== Record excerpts ==

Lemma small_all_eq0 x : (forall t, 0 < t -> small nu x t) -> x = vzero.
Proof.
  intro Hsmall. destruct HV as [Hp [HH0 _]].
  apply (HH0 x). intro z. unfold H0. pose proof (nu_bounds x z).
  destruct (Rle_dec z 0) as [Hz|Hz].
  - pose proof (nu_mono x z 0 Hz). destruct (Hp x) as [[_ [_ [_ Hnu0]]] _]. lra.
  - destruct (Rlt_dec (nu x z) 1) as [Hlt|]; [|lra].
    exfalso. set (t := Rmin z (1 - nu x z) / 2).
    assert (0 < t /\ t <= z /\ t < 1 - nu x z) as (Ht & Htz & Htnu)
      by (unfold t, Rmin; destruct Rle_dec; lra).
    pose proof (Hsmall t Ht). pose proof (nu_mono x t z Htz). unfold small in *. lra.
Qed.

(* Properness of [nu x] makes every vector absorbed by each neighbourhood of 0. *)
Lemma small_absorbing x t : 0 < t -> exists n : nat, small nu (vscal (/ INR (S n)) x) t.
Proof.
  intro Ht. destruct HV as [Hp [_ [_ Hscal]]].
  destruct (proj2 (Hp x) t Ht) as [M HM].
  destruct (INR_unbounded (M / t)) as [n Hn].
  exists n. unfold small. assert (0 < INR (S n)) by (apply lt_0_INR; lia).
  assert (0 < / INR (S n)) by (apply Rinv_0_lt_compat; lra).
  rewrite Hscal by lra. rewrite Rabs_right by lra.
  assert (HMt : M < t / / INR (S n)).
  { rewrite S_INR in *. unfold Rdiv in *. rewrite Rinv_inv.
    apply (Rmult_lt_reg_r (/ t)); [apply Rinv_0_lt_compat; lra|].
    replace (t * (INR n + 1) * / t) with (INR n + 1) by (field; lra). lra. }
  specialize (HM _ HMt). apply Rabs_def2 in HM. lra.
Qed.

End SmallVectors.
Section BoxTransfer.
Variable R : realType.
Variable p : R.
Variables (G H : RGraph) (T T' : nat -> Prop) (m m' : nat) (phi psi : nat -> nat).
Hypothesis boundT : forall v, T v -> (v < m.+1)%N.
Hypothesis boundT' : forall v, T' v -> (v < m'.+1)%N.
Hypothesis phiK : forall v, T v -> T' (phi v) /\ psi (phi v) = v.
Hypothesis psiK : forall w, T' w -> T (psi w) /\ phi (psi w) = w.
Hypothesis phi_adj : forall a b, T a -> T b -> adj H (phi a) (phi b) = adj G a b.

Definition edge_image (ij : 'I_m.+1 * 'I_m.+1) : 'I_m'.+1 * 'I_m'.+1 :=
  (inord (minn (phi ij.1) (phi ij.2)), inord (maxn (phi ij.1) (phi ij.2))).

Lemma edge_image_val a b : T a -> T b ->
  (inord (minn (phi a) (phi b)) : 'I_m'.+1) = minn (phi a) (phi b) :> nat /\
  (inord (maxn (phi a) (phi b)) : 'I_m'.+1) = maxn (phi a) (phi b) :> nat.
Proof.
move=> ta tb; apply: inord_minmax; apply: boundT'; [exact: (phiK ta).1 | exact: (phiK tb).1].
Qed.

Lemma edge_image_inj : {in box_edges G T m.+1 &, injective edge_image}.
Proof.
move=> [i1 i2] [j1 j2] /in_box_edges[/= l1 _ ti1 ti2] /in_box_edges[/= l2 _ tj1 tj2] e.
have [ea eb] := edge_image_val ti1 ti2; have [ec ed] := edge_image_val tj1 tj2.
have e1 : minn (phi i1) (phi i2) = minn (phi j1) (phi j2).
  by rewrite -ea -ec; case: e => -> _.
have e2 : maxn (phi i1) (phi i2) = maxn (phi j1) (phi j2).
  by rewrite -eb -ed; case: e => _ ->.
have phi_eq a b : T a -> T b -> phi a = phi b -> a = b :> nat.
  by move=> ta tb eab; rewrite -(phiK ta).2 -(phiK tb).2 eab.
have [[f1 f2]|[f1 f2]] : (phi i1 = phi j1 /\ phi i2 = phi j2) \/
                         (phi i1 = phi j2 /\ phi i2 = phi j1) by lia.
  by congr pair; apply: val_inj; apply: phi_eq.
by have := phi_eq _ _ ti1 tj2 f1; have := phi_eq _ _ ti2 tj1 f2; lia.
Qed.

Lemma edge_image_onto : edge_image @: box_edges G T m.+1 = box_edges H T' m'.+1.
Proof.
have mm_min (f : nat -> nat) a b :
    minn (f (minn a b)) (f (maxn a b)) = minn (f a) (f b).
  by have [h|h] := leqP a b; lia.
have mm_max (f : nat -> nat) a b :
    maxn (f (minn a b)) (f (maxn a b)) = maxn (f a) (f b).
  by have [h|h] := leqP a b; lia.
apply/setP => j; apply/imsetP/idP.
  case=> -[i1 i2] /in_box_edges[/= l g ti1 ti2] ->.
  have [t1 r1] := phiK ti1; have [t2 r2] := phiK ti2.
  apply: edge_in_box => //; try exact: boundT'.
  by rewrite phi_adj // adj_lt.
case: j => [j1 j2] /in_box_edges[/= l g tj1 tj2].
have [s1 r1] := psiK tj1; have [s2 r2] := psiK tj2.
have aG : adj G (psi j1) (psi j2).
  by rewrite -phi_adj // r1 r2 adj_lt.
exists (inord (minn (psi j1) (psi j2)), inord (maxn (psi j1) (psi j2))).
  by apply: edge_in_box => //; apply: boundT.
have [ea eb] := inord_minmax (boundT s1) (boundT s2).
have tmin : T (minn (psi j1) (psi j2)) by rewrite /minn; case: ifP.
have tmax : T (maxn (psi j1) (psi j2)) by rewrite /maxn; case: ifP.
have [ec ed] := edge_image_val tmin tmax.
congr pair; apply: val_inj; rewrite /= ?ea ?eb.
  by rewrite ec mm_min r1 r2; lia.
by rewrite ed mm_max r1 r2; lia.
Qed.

===

The full listing has to be duplicated exactly.

Lemma small_all_eq0 x : (forall t, 0 < t -> small nu x t) -> x = vzero.
Proof.
  intro Hsmall. destruct HV as [Hp [HH0 _]].
  apply (HH0 x). intro z. unfold H0. pose proof (nu_bounds x z).
  destruct (Rle_dec z 0) as [Hz|Hz].
  - pose proof (nu_mono x z 0 Hz). destruct (Hp x) as [[_ [_ [_ Hnu0]]] _]. lra.
  - destruct (Rlt_dec (nu x z) 1) as [Hlt|]; [|lra].
    exfalso. set (t := Rmin z (1 - nu x z) / 2).
    assert (0 < t /\ t <= z /\ t < 1 - nu x z) as (Ht & Htz & Htnu)
      by (unfold t, Rmin; destruct Rle_dec; lra).
    pose proof (Hsmall t Ht). pose proof (nu_mono x t z Htz). unfold small in *. lra.
Qed.

(* Properness of [nu x] makes every vector absorbed by each neighbourhood of 0. *)
Lemma small_absorbing x t : 0 < t -> exists n : nat, small nu (vscal (/ INR (S n)) x) t.
Proof.
  intro Ht. destruct HV as [Hp [_ [_ Hscal]]].
  destruct (proj2 (Hp x) t Ht) as [M HM].
  destruct (INR_unbounded (M / t)) as [n Hn].
  exists n. unfold small. assert (0 < INR (S n)) by (apply lt_0_INR; lia).
  assert (0 < / INR (S n)) by (apply Rinv_0_lt_compat; lra).
  rewrite Hscal by lra. rewrite Rabs_right by lra.
  assert (HMt : M < t / / INR (S n)).
  { rewrite S_INR in *. unfold Rdiv in *. rewrite Rinv_inv.
    apply (Rmult_lt_reg_r (/ t)); [apply Rinv_0_lt_compat; lra|].
    replace (t * (INR n + 1) * / t) with (INR n + 1) by (field; lra). lra. }
  specialize (HM _ HMt). apply Rabs_def2 in HM. lra.
Qed.

End SmallVectors.
Section BoxTransfer.
Variable R : realType.
Variable p : R.
Variables (G H : RGraph) (T T' : nat -> Prop) (m m' : nat) (phi psi : nat -> nat).
Hypothesis boundT : forall v, T v -> (v < m.+1)%N.
Hypothesis boundT' : forall v, T' v -> (v < m'.+1)%N.
Hypothesis phiK : forall v, T v -> T' (phi v) /\ psi (phi v) = v.
Hypothesis psiK : forall w, T' w -> T (psi w) /\ phi (psi w) = w.
Hypothesis phi_adj : forall a b, T a -> T b -> adj H (phi a) (phi b) = adj G a b.

Definition edge_image (ij : 'I_m.+1 * 'I_m.+1) : 'I_m'.+1 * 'I_m'.+1 :=
  (inord (minn (phi ij.1) (phi ij.2)), inord (maxn (phi ij.1) (phi ij.2))).

Lemma edge_image_val a b : T a -> T b ->
  (inord (minn (phi a) (phi b)) : 'I_m'.+1) = minn (phi a) (phi b) :> nat /\
  (inord (maxn (phi a) (phi b)) : 'I_m'.+1) = maxn (phi a) (phi b) :> nat.
Proof.
move=> ta tb; apply: inord_minmax; apply: boundT'; [exact: (phiK ta).1 | exact: (phiK tb).1].
Qed.

Lemma edge_image_inj : {in box_edges G T m.+1 &, injective edge_image}.
Proof.
move=> [i1 i2] [j1 j2] /in_box_edges[/= l1 _ ti1 ti2] /in_box_edges[/= l2 _ tj1 tj2] e.
have [ea eb] := edge_image_val ti1 ti2; have [ec ed] := edge_image_val tj1 tj2.
have e1 : minn (phi i1) (phi i2) = minn (phi j1) (phi j2).
  by rewrite -ea -ec; case: e => -> _.
have e2 : maxn (phi i1) (phi i2) = maxn (phi j1) (phi j2).
  by rewrite -eb -ed; case: e => _ ->.
have phi_eq a b : T a -> T b -> phi a = phi b -> a = b :> nat.
  by move=> ta tb eab; rewrite -(phiK ta).2 -(phiK tb).2 eab.
have [[f1 f2]|[f1 f2]] : (phi i1 = phi j1 /\ phi i2 = phi j2) \/
                         (phi i1 = phi j2 /\ phi i2 = phi j1) by lia.
  by congr pair; apply: val_inj; apply: phi_eq.
by have := phi_eq _ _ ti1 tj2 f1; have := phi_eq _ _ ti2 tj1 f2; lia.
Qed.

Lemma edge_image_onto : edge_image @: box_edges G T m.+1 = box_edges H T' m'.+1.
Proof.
have mm_min (f : nat -> nat) a b :
    minn (f (minn a b)) (f (maxn a b)) = minn (f a) (f b).
  by have [h|h] := leqP a b; lia.
have mm_max (f : nat -> nat) a b :
    maxn (f (minn a b)) (f (maxn a b)) = maxn (f a) (f b).
  by have [h|h] := leqP a b; lia.
apply/setP => j; apply/imsetP/idP.
  case=> -[i1 i2] /in_box_edges[/= l g ti1 ti2] ->.
  have [t1 r1] := phiK ti1; have [t2 r2] := phiK ti2.
  apply: edge_in_box => //; try exact: boundT'.
  by rewrite phi_adj // adj_lt.
case: j => [j1 j2] /in_box_edges[/= l g tj1 tj2].
have [s1 r1] := psiK tj1; have [s2 r2] := psiK tj2.
have aG : adj G (psi j1) (psi j2).
  by rewrite -phi_adj // r1 r2 adj_lt.
exists (inord (minn (psi j1) (psi j2)), inord (maxn (psi j1) (psi j2))).
  by apply: edge_in_box => //; apply: boundT.
have [ea eb] := inord_minmax (boundT s1) (boundT s2).
have tmin : T (minn (psi j1) (psi j2)) by rewrite /minn; case: ifP.
have tmax : T (maxn (psi j1) (psi j2)) by rewrite /maxn; case: ifP.
have [ec ed] := edge_image_val tmin tmax.
congr pair; apply: val_inj; rewrite /= ?ea ?eb.
  by rewrite ec mm_min r1 r2; lia.
by rewrite ed mm_max r1 r2; lia.
Qed.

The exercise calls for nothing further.